**DESCRIPTION OF THE TASK**
Output only these lines, set down exactly: the one containing "n) l) < eps." and each line after it through the end of the records.

**GIVEN INFORMATION**
Definition state n := basis n -> C.
Definition op n := basis n -> basis n -> C.

Definition op_mul n (A B : op n) : op n :=
  fun z w => \sum_(y : basis n) A z y * B y w.
Arguments op_mul {n}.
Definition op_id n : op n := fun z w => if z == w then 1 else 0.
Definition op_add n (A B : op n) : op n := fun z w => A z w + B z w.
Arguments op_add {n}.
Definition op_scale n (c : C) (A : op n) : op n := fun z w => c * A z w.
Arguments op_scale {n}.
Definition op_pow n (A : op n) (k : nat) : op n := iter k (op_mul A) (op_id n).
Arguments op_pow {n}.
Definition op_sum n (I : finType) (P : pred I) (F : I -> op n) : op n :=
  fun z w => \sum_(i | P i) F i z w.
Arguments op_sum {n I}.
Definition apply n (A : op n) (v : state n) : state n :=
  fun z => \sum_(w : basis n) A z w * v w.
Arguments apply {n}.
Definition expect n (v : state n) (A : op n) : C :=
  \sum_(z : basis n) \sum_(w : basis n) (v z)^* * A z w * v w.
Arguments expect {n}.

Definition expop n (A : op n) : op n := fun z w =>
  let s := fun N : nat => \sum_(k < N) op_pow A k z w / (k`!)%:R in
  (limn (fun N => complex.Re (s N) : R^o)) +i* (limn (fun N => complex.Im (s N) : R^o)).
Arguments expop {n}.

Definition flip n (i : 'I_n) (z : basis n) : basis n :=
  [ffun k => if k == i then ~~ z k else z k].
Arguments flip {n}.
Definition sigma_x n (i : 'I_n) : op n :=
  fun z w => if z == flip i w then 1 else 0.
Arguments sigma_x {n}.
Definition sigma_z n (i : 'I_n) : op n :=
  fun z w => if z == w then (spin (z i))%:C else 0.
Arguments sigma_z {n}.

Definition simple_graph n (adj : rel 'I_n) : Prop :=
  (forall i j, adj i j = adj j i) /\ (forall i, ~~ adj i i).
Arguments simple_graph {n}.
Definition degree n (adj : rel 'I_n) (j : 'I_n) : nat := #|[set k | adj j k]|.
Arguments degree {n}.

(* C_hat = - sum_i (Z_i + I) + lambda sum_{{i,j} in E} (Z_i + I)(Z_j + I);
   each unordered edge {i,j} is counted once, as the pair (i,j) with i < j. *)
Definition C_hat n (adj : rel 'I_n) (lambda : R) : op n :=
  op_add
    (op_scale (-1) (op_sum predT (fun i : 'I_n => op_add (sigma_z i) (op_id n))))
    (op_scale lambda%:C
       (op_sum (fun p : 'I_n * 'I_n => (p.1 < p.2)%N && adj p.1 p.2)
          (fun p => op_mul (op_add (sigma_z p.1) (op_id n))
                           (op_add (sigma_z p.2) (op_id n))))).
Arguments C_hat {n}.

Definition B_hat n : op n :=
  op_scale (-1) (op_sum predT (fun i : 'I_n => sigma_x i)).

Definition phi0 n : state n := fun _ => ((Num.sqrt (2%:R ^+ n : R))^-1)%:C.

Definition psi n (adj : rel 'I_n) (lambda beta gamma : R) : state n :=
  apply (expop (op_scale (- ('i * beta%:C)) (B_hat n)))
    (apply (expop (op_scale (- ('i * gamma%:C)) (C_hat adj lambda))) (phi0 n)).

Arguments psi {n}.

End QAOA.

Arguments op_mul {R n}. Arguments op_id {R}. Arguments op_add {R n}.
Arguments op_scale {R n}. Arguments op_pow {R n}. Arguments op_sum {R n I}.
Arguments apply {R n}. Arguments expect {R n}. Arguments expop {R n}.
Arguments flip {n}. Arguments sigma_x {R n}. Arguments sigma_z {R n}.
Arguments simple_graph {n}. Arguments degree {n}. Arguments C_hat {R n}.
Arguments B_hat {R}. Arguments phi0 {R}. Arguments psi {R n}.

From Pilot Require Import Defs.
From mathcomp Require Import all_boot all_order all_algebra.
From mathcomp Require Import boolp classical_sets reals topology normedtype sequences trigo.
From mathcomp.real_closed Require Import complex.
From mathcomp Require Import ring lra.
Import GRing.Theory Num.Theory numFieldNormedType.Exports.
Local Open Scope ring_scope.
Local Open Scope complex_scope.
Local Open Scope classical_set_scope.

(* The phase separator exp(-i gamma C) is diagonal in the computational basis,
   with phases exp(-i gamma c(z)), and conjugation by a tensor power of the
   Hadamard matrix diagonalizes B, so the mixer exp(-i beta B) is the tensor
   power of the rotation [[cos beta, i sin beta], [i sin beta, cos beta]].
   Conjugating sigma^z_j by the mixer gives sigma^z_j (cos 2beta + i sin 2beta
   sigma^x_j).  The cos 2beta part has expectation 0, because all amplitudes
   of exp(-i gamma C)|phi0> have the same modulus; the sin 2beta part pairs z
   with z flipped at j and contributes the phase difference
   exp(-2i gamma z_j (1 - lambda sum_{k ~ j} (z_k + 1))).  Summing over the bits
   of the d_j neighbours of j produces cos(2 gamma lambda)^d_j, and summing over
   z_j produces sin(2 gamma (1 - d_j lambda)). *)

Section ComplexExponential.
Context {R : realType}.
Local Notation C := R[i].
Local Notation Re := (@complex.Re R).
Local Notation Im := (@complex.Im R).

Lemma complexP (x y : C) : Re x = Re y -> Im x = Im y -> x = y.
Proof. by case: x y => a b [c d] /= -> ->. Qed.

Lemma Re_sum (I : Type) (r : seq I) (F : I -> C) :
  Re (\sum_(i <- r) F i) = \sum_(i <- r) Re (F i).
Proof. exact: (@raddf_sum _ _ (@complex.Re R : Rcomplex R -> R)). Qed.

Lemma Im_sum (I : Type) (r : seq I) (F : I -> C) :
  Im (\sum_(i <- r) F i) = \sum_(i <- r) Im (F i).
Proof. exact: (@raddf_sum _ _ (@complex.Im R : Rcomplex R -> R)). Qed.

Lemma ReM (x y : C) : Re (x * y) = Re x * Re y - Im x * Im y.
Proof. by case: x y => a b [c d]. Qed.

Lemma ImM (x y : C) : Im (x * y) = Re x * Im y + Im x * Re y.
Proof. by case: x y => a b [c d] /=; rewrite addrC. Qed.

Definition expi (t : R) : C := cos t +i* sin t.

Lemma expiE t : expi t = (cos t)%:C + 'i * (sin t)%:C.
Proof. by apply: complexP; rewrite /expi /=; ring. Qed.

Lemma expi0 : expi 0 = 1.
Proof. by rewrite /expi cos0 sin0. Qed.

Lemma expiD s t : expi (s + t) = expi s * expi t.
Proof. by apply: complexP; rewrite /expi /= ?cosD ?sinD; ring. Qed.

Lemma expi_sum (I : Type) (r : seq I) (P : pred I) (f : I -> R) :
  expi (\sum_(i <- r | P i) f i) = \prod_(i <- r | P i) expi (f i).
Proof. exact: (big_morph _ expiD expi0). Qed.

Lemma expiMn t d : expi t ^+ d = expi (d%:R * t).
Proof.
elim: d => [|d IH]; first by rewrite mul0r expi0.
by rewrite exprS IH -expiD mulrSr mulrDl mul1r addrC.
Qed.

Lemma expiN_sub t : expi (- t) - expi t = - ('i * (2 * sin t)%:C).
Proof. by apply: complexP; rewrite /expi /= ?cosN ?sinN; ring. Qed.

Lemma expi_double_add1 t : expi (t + t) + 1 = 2 * expi t * (cos t)%:C.
Proof.
have h := cos2Dsin2 t.
by apply: complexP; rewrite /expi /= ?cosD ?sinD; nra.
Qed.

Definition expi_series (t : R) (N : nat) : C :=
  \sum_(k < N) ('i * t%:C) ^+ k / k`!%:R.

Lemma iX k : 'i ^+ k = ((-1) ^+ k./2 : R)%:C * (if odd k then 'i else 1) :> C.
Proof.
rewrite -{1}(odd_double_half k) exprD -muln2 mulnC exprM sqr_i rmorphXn rmorphN1.
by case: (odd k); rewrite ?expr1 ?expr0 mulrC.
Qed.

Lemma Re_iX k : Re ('i ^+ k) = (~~ odd k)%:R * (-1) ^+ k./2.
Proof. by rewrite iX; case: (odd k) => /=; ring. Qed.

Lemma Im_iX k : Im ('i ^+ k) = (odd k)%:R * (-1) ^+ k.-1./2.
Proof.
rewrite iX; case: (boolP (odd k)) => /= [k_odd|_]; last by ring.
suff -> : k.-1./2 = k./2 by ring.
by rewrite -{1}(odd_double_half k) k_odd /= doubleK.
Qed.

Lemma ReMr (x : C) r : Re (x * r%:C) = Re x * r.
Proof. by case: x => a b /=; ring. Qed.

Lemma ImMr (x : C) r : Im (x * r%:C) = Im x * r.
Proof. by case: x => a b /=; ring. Qed.

Lemma expi_series_term t k :
  ('i * t%:C) ^+ k / k`!%:R = 'i ^+ k * (t ^+ k / k`!%:R)%:C :> C.
Proof. by rewrite exprMn -mulrA rmorphM /= fmorphV rmorphXn /= rmorph_nat. Qed.

Lemma Re_expi_series t N : Re (expi_series t N) = series (cos_coeff t) N.
Proof.
rewrite /expi_series /series /= Re_sum big_mkord; apply: eq_bigr => k _.
by rewrite expi_series_term ReMr Re_iX /cos_coeff /= !mulrA.
Qed.
(* Let $A$ (in $\mathcal H$) and $B$ (in $\mathcal K$) be closed densely defined operators with $A\dashv B$ via a bounded intertwining operator $T$, and assume that $T^{-1}$ is everywhere defined and bounded. Then $\rho(A)\setminus\sigma_p(B)\subseteq\rho(B)$ and $\rho(B)\setminus\sigma_r(A)\subseteq\rho(A)$.
   Context: A bounded operator $T:\mathcal H\to\mathcal K$ is a bounded intertwining operator for $A$ and $B$ if $T D(A)\subseteq D(B)$ and $BT\xi=TA\xi$ for all $\xi\in D(A)$. $A\dashv B$ (quasi-similarity) means there is a bounded intertwining operator $T$ for $A$ and $B$ that is injective with densely defined inverse $T^{-1}$. Spectral notions: $\rho(A)$ = set of $\lambda$ with $A-\lambda I$ injective and $(A-\lambda I)^{-1}$ bounded everywhere defined; $\sigma_p$ = set of eigenvalues; $\sigma_r(A)$ = set of $\lambda$ with $A-\lambda I$ injective and non-dense range. *)

From Stdlib Require Import Reals.
Open Scope R_scope.

Record Cplx : Type := mkC { Re : R; Im : R }.
Definition C0 : Cplx := mkC 0 0.
Definition C1 : Cplx := mkC 1 0.
Definition Cadd (a b : Cplx) : Cplx := mkC (Re a + Re b) (Im a + Im b).
Definition Copp (a : Cplx) : Cplx := mkC (- Re a) (- Im a).
Definition Cmul (a b : Cplx) : Cplx :=
  mkC (Re a * Re b - Im a * Im b) (Re a * Im b + Im a * Re b).
Definition Cconj (a : Cplx) : Cplx := mkC (Re a) (- Im a).

Record Hilbert : Type := {
  hcar :> Type;
  hzero : hcar;
  hadd : hcar -> hcar -> hcar;
  hopp : hcar -> hcar;
  hscal : Cplx -> hcar -> hcar;
  hinner : hcar -> hcar -> Cplx;
  hadd_assoc : forall x y z, hadd x (hadd y z) = hadd (hadd x y) z;
  hadd_comm : forall x y, hadd x y = hadd y x;
  hadd_zero : forall x, hadd x hzero = x;
  hadd_opp : forall x, hadd x (hopp x) = hzero;
  hscal_one : forall x, hscal C1 x = x;
  hscal_mul : forall a b x, hscal (Cmul a b) x = hscal a (hscal b x);
  hscal_addv : forall a x y, hscal a (hadd x y) = hadd (hscal a x) (hscal a y);
  hscal_adds : forall a b x, hscal (Cadd a b) x = hadd (hscal a x) (hscal b x);
  hinner_add : forall x y z, hinner (hadd x y) z = Cadd (hinner x z) (hinner y z);
  hinner_scal : forall a x y, hinner (hscal a x) y = Cmul a (hinner x y);
  hinner_conj : forall x y, hinner y x = Cconj (hinner x y);
  hinner_pos : forall x, 0 <= Re (hinner x x);
  hinner_def : forall x, hinner x x = C0 -> x = hzero;
  hcomplete : forall u : nat -> hcar,
    (forall eps, 0 < eps -> exists N, forall m n, (N <= m)%nat -> (N <= n)%nat ->
        sqrt (Re (hinner (hadd (u m) (hopp (u n))) (hadd (u m) (hopp (u n))))) < eps) ->
    exists l, forall eps, 0 < eps -> exists N, forall n, (N <= n)%nat ->
        sqrt (Re (hinner (hadd (u n) (hopp l)) (hadd (u n) (hopp l)))) < eps
}.

Arguments hzero {h}.
Arguments hadd {h}.
Arguments hopp {h}.
Arguments hscal {h}.
Arguments hinner {h}.

Definition hsub {H : Hilbert} (x y : H) : H := hadd x (hopp y).
Definition hnorm {H : Hilbert} (x : H) : R := sqrt (Re (hinner x x)).

Definition hconv {H : Hilbert} (u : nat -> H) (l : H) : Prop :=
  forall eps, 0 < eps -> exists N, forall n, (N <= n)%nat -> hnorm (hsub (u n) l) < eps.

Definition dense {H : Hilbert} (S : H -> Prop) : Prop :=
  forall x eps, 0 < eps -> exists y, S y /\ hnorm (hsub x y) < eps.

**YOUR RESPONSE**
  forall eps, 0 < eps -> exists N, forall n, (N <= n)%nat -> hnorm (hsub (u n) l) < eps.

Definition dense {H : Hilbert} (S : H -> Prop) : Prop :=
  forall x eps, 0 < eps -> exists y, S y /\ hnorm (hsub x y) < eps.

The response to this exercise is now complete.